## Entries supplied
Lemma McShane_int_symmetric (h F : R -> R) : (forall x, continuity_pt h x) ->
  (forall s, c0 <= s <= midpoint -> F s = h s) ->
  (forall s, midpoint <= s <= d0 -> F s = h (c0 + d0 - s)) ->
  McShane_int F c0 d0 (2 * RInt h c0 midpoint).
Proof.
  intros Hc HL HR. destruct midpoint_props as [M1 [M2 [M3 M4]]].
  replace (2 * RInt h c0 midpoint) with (RInt h c0 midpoint + RInt (fun s => h (c0 + d0 - s)) midpoint d0).
  - apply McShane_int_chasles with midpoint.
    + apply McShane_int_ext with h; [apply McShane_int_RInt; [lra|auto]|]. intros; rewrite HL; auto.
    + apply McShane_int_ext with (fun s => h (c0 + d0 - s)); [apply McShane_int_RInt; [lra|]|].
      * intros; apply continuity_pt_reflect; auto.
      * intros; rewrite HR; auto.
  - rewrite RInt_reflect by auto. rewrite M2. replace (c0 + d0 - d0) with c0 by ring. ring.
Qed.

Lemma test_fun_W0 : W0 p c0 d0 test_fun test_deriv.
Proof.
  destruct midpoint_props as [M1 [M2 [M3 M4]]].
  split; [auto|split; [|split; [|split; [|split]]]].
  - intros N HN. set (tr := fun z => Rmax (- N) (Rmin N z)).
    assert (Htr : forall z, continuity_pt tr z).
    { intros z e He. exists e. split; auto. intros y [_ Hy]. simpl in *. unfold R_dist in *. unfold tr.
      unfold Rmax, Rmin; repeat destruct Rle_dec; unfold Rabs in *; repeat destruct Rcase_abs; lra. }
    exists (RInt (fun s => tr (profile_deriv s)) c0 midpoint
            + RInt (fun s => tr (- profile_deriv (c0 + d0 - s))) midpoint d0).
    apply McShane_int_chasles with midpoint.
    + apply McShane_int_ext with (fun s => tr (profile_deriv s)); [apply McShane_int_RInt; [lra|]|].
      * intros; apply continuity_pt_comp with (f2 := tr); auto. apply profile_deriv_continuity_pt.
      * intros t Ht. unfold tr. rewrite test_deriv_left; auto; lra.
    + apply McShane_int_change_point with (fun s => tr (- profile_deriv (c0 + d0 - s))) midpoint;
        [apply McShane_int_RInt; [lra|]|].
      * intros; apply continuity_pt_comp with (f2 := tr); auto.
        apply continuity_pt_opp, continuity_pt_reflect, profile_deriv_continuity_pt.
      * intros t Ht Hne. unfold tr. rewrite test_deriv_right; auto; lra.
  - exists (2 * RInt (fun s => pw (Rabs (profile_deriv s)) p) c0 midpoint).
    apply McShane_int_symmetric.
    + intros x. apply continuity_pt_comp with (f2 := fun z => pw (Rabs z) p);
        [apply profile_deriv_continuity_pt|apply pw_abs_continuity_pt; lra].
    + intros s Hs. rewrite test_deriv_left; auto; lra.
    + intros s Hs. destruct (Req_dec s midpoint) as [->|E].
      * rewrite M2, test_deriv_left; auto; lra.
      * rewrite test_deriv_right, Rabs_Ropp by lra. auto.
  - rewrite test_fun_left, Rminus_diag by lra. apply profile_0.
  - apply McShane_int_test_deriv.
  - rewrite test_fun_right, Rminus_diag by lra. apply profile_0.
Qed.
Variables (S T : aisemiring) (I : Type) (B : (I -> S) -> Prop).
Hypothesis B_add : forall x y, B x -> B y -> B (fun i => sadd (x i) (y i)).
Hypothesis B_mul : forall x y, B x -> B y -> B (fun i => smul (x i) (y i)).
Variable f : {x : I -> S | B x} -> T.
Hypothesis f_add : forall (x y : {x : I -> S | B x})
  (Hxy : B (fun i => sadd (proj1_sig x i) (proj1_sig y i))),
  f (exist _ _ Hxy) = sadd (f x) (f y).
Hypothesis f_mul : forall (x y : {x : I -> S | B x})
  (Hxy : B (fun i => smul (proj1_sig x i) (proj1_sig y i))),
  f (exist _ _ Hxy) = smul (f x) (f y).
Hypothesis f_surj : forall t : T, exists x, f x = t.

Fixpoint eval_sub {X : Type} (p : X -> {x : I -> S | B x}) (t : term X) :
    {x : I -> S | B x} :=
  match t with
  | Var x => p x
  | Add t s =>
      exist B _ (B_add _ _ (proj2_sig (eval_sub p t)) (proj2_sig (eval_sub p s)))
  | Mul t s =>
      exist B _ (B_mul _ _ (proj2_sig (eval_sub p t)) (proj2_sig (eval_sub p s)))
  end.

Lemma proj1_eval_sub {X : Type} (p : X -> {x : I -> S | B x}) (t : term X) :
  proj1_sig (eval_sub p t) = fun i => eval (fun x => proj1_sig (p x) i) t.
Proof.
  induction t as [x | t IHt s IHs | t IHt s IHs]; simpl;
    try rewrite IHt, IHs; reflexivity.
Qed.

Lemma f_eval_sub {X : Type} (p : X -> {x : I -> S | B x}) (t : term X) :
  f (eval_sub p t) = eval (fun x => f (p x)) t.
Proof.
  induction t as [x | t IHt s IHs | t IHt s IHs]; simpl.
  - reflexivity.
  - rewrite f_add, IHt, IHs; reflexivity.
  - rewrite f_mul, IHt, IHs; reflexivity.
Qed.

Lemma holds_image {X : Type} (t u : term X) : holds S t u -> holds T t u.
Proof.
  intros Htu w.
  pose (p x := proj1_sig (constructive_indefinite_description _ (f_surj (w x)))).
  replace w with (fun x => f (p x)).
  2:{ apply functional_extensionality; intro x.
      exact (proj2_sig (constructive_indefinite_description _ (f_surj (w x)))). }
  rewrite <- !f_eval_sub; f_equal.
  apply (eq_sig_hprop (fun _ => proof_irrelevance _)).
  rewrite !proj1_eval_sub; apply functional_extensionality; intro i; apply Htu.
Qed.

End VarietyMember.

(* The free algebra of V(S) on the generators T, realised as the term
   functions inside the power S^(T -> S). *)
Lemma in_variety_of_holds (S T : aisemiring) :
  (forall t u : term T, holds S t u -> holds T t u) -> in_variety S T.
Proof.
  intros H.
  pose (term_fun g := exists t : term T, g = fun v : T -> S => eval v t).
  pose (term_of (p : {g | term_fun g}) :=
          proj1_sig (constructive_indefinite_description _ (proj2_sig p))).
  assert (Hterm : forall p, proj1_sig p = fun v => eval v (term_of p)).
  { intro p; exact (proj2_sig (constructive_indefinite_description _ (proj2_sig p))). }
  assert (Hwd : forall p t, proj1_sig p = (fun v => eval v t) ->
                            eval (fun x => x) (term_of p) = eval (fun x => x) t).
  { intros p t Hp; apply H; intro v.
    change (eval v (term_of p)) with ((fun v => eval v (term_of p)) v).
    rewrite <- Hterm, Hp; reflexivity. }
  exists (T -> S), term_fun, (fun p => eval (fun x => x) (term_of p)).
  repeat split.
  - intros x y [t ->] [s ->]; exists (Add t s); reflexivity.
  - intros x y [t ->] [s ->]; exists (Mul t s); reflexivity.
  - intros x y Hxy.
    apply (Hwd _ (Add (term_of x) (term_of y))); simpl.
    rewrite (Hterm x), (Hterm y); reflexivity.
  - intros x y Hxy.
    apply (Hwd _ (Mul (term_of x) (term_of y))); simpl.
    rewrite (Hterm x), (Hterm y); reflexivity.
  - intro t.
    exists (exist term_fun (fun v => v t) (ex_intro _ (Var t) eq_refl)).
    apply (Hwd _ (Var t)); reflexivity.
Qed.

## Problem statement
Could you transcribe each entry exactly as it stands?

## Reply
Lemma McShane_int_symmetric (h F : R -> R) : (forall x, continuity_pt h x) ->
  (forall s, c0 <= s <= midpoint -> F s = h s) ->
  (forall s, midpoint <= s <= d0 -> F s = h (c0 + d0 - s)) ->
  McShane_int F c0 d0 (2 * RInt h c0 midpoint).
Proof.
  intros Hc HL HR. destruct midpoint_props as [M1 [M2 [M3 M4]]].
  replace (2 * RInt h c0 midpoint) with (RInt h c0 midpoint + RInt (fun s => h (c0 + d0 - s)) midpoint d0).
  - apply McShane_int_chasles with midpoint.
    + apply McShane_int_ext with h; [apply McShane_int_RInt; [lra|auto]|]. intros; rewrite HL; auto.
    + apply McShane_int_ext with (fun s => h (c0 + d0 - s)); [apply McShane_int_RInt; [lra|]|].
      * intros; apply continuity_pt_reflect; auto.
      * intros; rewrite HR; auto.
  - rewrite RInt_reflect by auto. rewrite M2. replace (c0 + d0 - d0) with c0 by ring. ring.
Qed.

Lemma test_fun_W0 : W0 p c0 d0 test_fun test_deriv.
Proof.
  destruct midpoint_props as [M1 [M2 [M3 M4]]].
  split; [auto|split; [|split; [|split; [|split]]]].
  - intros N HN. set (tr := fun z => Rmax (- N) (Rmin N z)).
    assert (Htr : forall z, continuity_pt tr z).
    { intros z e He. exists e. split; auto. intros y [_ Hy]. simpl in *. unfold R_dist in *. unfold tr.
      unfold Rmax, Rmin; repeat destruct Rle_dec; unfold Rabs in *; repeat destruct Rcase_abs; lra. }
    exists (RInt (fun s => tr (profile_deriv s)) c0 midpoint
            + RInt (fun s => tr (- profile_deriv (c0 + d0 - s))) midpoint d0).
    apply McShane_int_chasles with midpoint.
    + apply McShane_int_ext with (fun s => tr (profile_deriv s)); [apply McShane_int_RInt; [lra|]|].
      * intros; apply continuity_pt_comp with (f2 := tr); auto. apply profile_deriv_continuity_pt.
      * intros t Ht. unfold tr. rewrite test_deriv_left; auto; lra.
    + apply McShane_int_change_point with (fun s => tr (- profile_deriv (c0 + d0 - s))) midpoint;
        [apply McShane_int_RInt; [lra|]|].
      * intros; apply continuity_pt_comp with (f2 := tr); auto.
        apply continuity_pt_opp, continuity_pt_reflect, profile_deriv_continuity_pt.
      * intros t Ht Hne. unfold tr. rewrite test_deriv_right; auto; lra.
  - exists (2 * RInt (fun s => pw (Rabs (profile_deriv s)) p) c0 midpoint).
    apply McShane_int_symmetric.
    + intros x. apply continuity_pt_comp with (f2 := fun z => pw (Rabs z) p);
        [apply profile_deriv_continuity_pt|apply pw_abs_continuity_pt; lra].
    + intros s Hs. rewrite test_deriv_left; auto; lra.
    + intros s Hs. destruct (Req_dec s midpoint) as [->|E].
      * rewrite M2, test_deriv_left; auto; lra.
      * rewrite test_deriv_right, Rabs_Ropp by lra. auto.
  - rewrite test_fun_left, Rminus_diag by lra. apply profile_0.
  - apply McShane_int_test_deriv.
  - rewrite test_fun_right, Rminus_diag by lra. apply profile_0.
Qed.
Variables (S T : aisemiring) (I : Type) (B : (I -> S) -> Prop).
Hypothesis B_add : forall x y, B x -> B y -> B (fun i => sadd (x i) (y i)).
Hypothesis B_mul : forall x y, B x -> B y -> B (fun i => smul (x i) (y i)).
Variable f : {x : I -> S | B x} -> T.
Hypothesis f_add : forall (x y : {x : I -> S | B x})
  (Hxy : B (fun i => sadd (proj1_sig x i) (proj1_sig y i))),
  f (exist _ _ Hxy) = sadd (f x) (f y).
Hypothesis f_mul : forall (x y : {x : I -> S | B x})
  (Hxy : B (fun i => smul (proj1_sig x i) (proj1_sig y i))),
  f (exist _ _ Hxy) = smul (f x) (f y).
Hypothesis f_surj : forall t : T, exists x, f x = t.

Fixpoint eval_sub {X : Type} (p : X -> {x : I -> S | B x}) (t : term X) :
    {x : I -> S | B x} :=
  match t with
  | Var x => p x
  | Add t s =>
      exist B _ (B_add _ _ (proj2_sig (eval_sub p t)) (proj2_sig (eval_sub p s)))
  | Mul t s =>
      exist B _ (B_mul _ _ (proj2_sig (eval_sub p t)) (proj2_sig (eval_sub p s)))
  end.

Lemma proj1_eval_sub {X : Type} (p : X -> {x : I -> S | B x}) (t : term X) :
  proj1_sig (eval_sub p t) = fun i => eval (fun x => proj1_sig (p x) i) t.
Proof.
  induction t as [x | t IHt s IHs | t IHt s IHs]; simpl;
    try rewrite IHt, IHs; reflexivity.
Qed.

Lemma f_eval_sub {X : Type} (p : X -> {x : I -> S | B x}) (t : term X) :
  f (eval_sub p t) = eval (fun x => f (p x)) t.
Proof.
  induction t as [x | t IHt s IHs | t IHt s IHs]; simpl.
  - reflexivity.
  - rewrite f_add, IHt, IHs; reflexivity.
  - rewrite f_mul, IHt, IHs; reflexivity.
Qed.

Lemma holds_image {X : Type} (t u : term X) : holds S t u -> holds T t u.
Proof.
  intros Htu w.
  pose (p x := proj1_sig (constructive_indefinite_description _ (f_surj (w x)))).
  replace w with (fun x => f (p x)).
  2:{ apply functional_extensionality; intro x.
      exact (proj2_sig (constructive_indefinite_description _ (f_surj (w x)))). }
  rewrite <- !f_eval_sub; f_equal.
  apply (eq_sig_hprop (fun _ => proof_irrelevance _)).
  rewrite !proj1_eval_sub; apply functional_extensionality; intro i; apply Htu.
Qed.

End VarietyMember.

(* The free algebra of V(S) on the generators T, realised as the term
   functions inside the power S^(T -> S). *)
Lemma in_variety_of_holds (S T : aisemiring) :
  (forall t u : term T, holds S t u -> holds T t u) -> in_variety S T.
Proof.
  intros H.
  pose (term_fun g := exists t : term T, g = fun v : T -> S => eval v t).
  pose (term_of (p : {g | term_fun g}) :=
          proj1_sig (constructive_indefinite_description _ (proj2_sig p))).
  assert (Hterm : forall p, proj1_sig p = fun v => eval v (term_of p)).
  { intro p; exact (proj2_sig (constructive_indefinite_description _ (proj2_sig p))). }
  assert (Hwd : forall p t, proj1_sig p = (fun v => eval v t) ->
                            eval (fun x => x) (term_of p) = eval (fun x => x) t).
  { intros p t Hp; apply H; intro v.
    change (eval v (term_of p)) with ((fun v => eval v (term_of p)) v).
    rewrite <- Hterm, Hp; reflexivity. }
  exists (T -> S), term_fun, (fun p => eval (fun x => x) (term_of p)).
  repeat split.
  - intros x y [t ->] [s ->]; exists (Add t s); reflexivity.
  - intros x y [t ->] [s ->]; exists (Mul t s); reflexivity.
  - intros x y Hxy.
    apply (Hwd _ (Add (term_of x) (term_of y))); simpl.
    rewrite (Hterm x), (Hterm y); reflexivity.
  - intros x y Hxy.
    apply (Hwd _ (Mul (term_of x) (term_of y))); simpl.
    rewrite (Hterm x), (Hterm y); reflexivity.
  - intro t.
    exists (exist term_fun (fun v => v t) (ex_intro _ (Var t) eq_refl)).
    apply (Hwd _ (Var t)); reflexivity.
Qed.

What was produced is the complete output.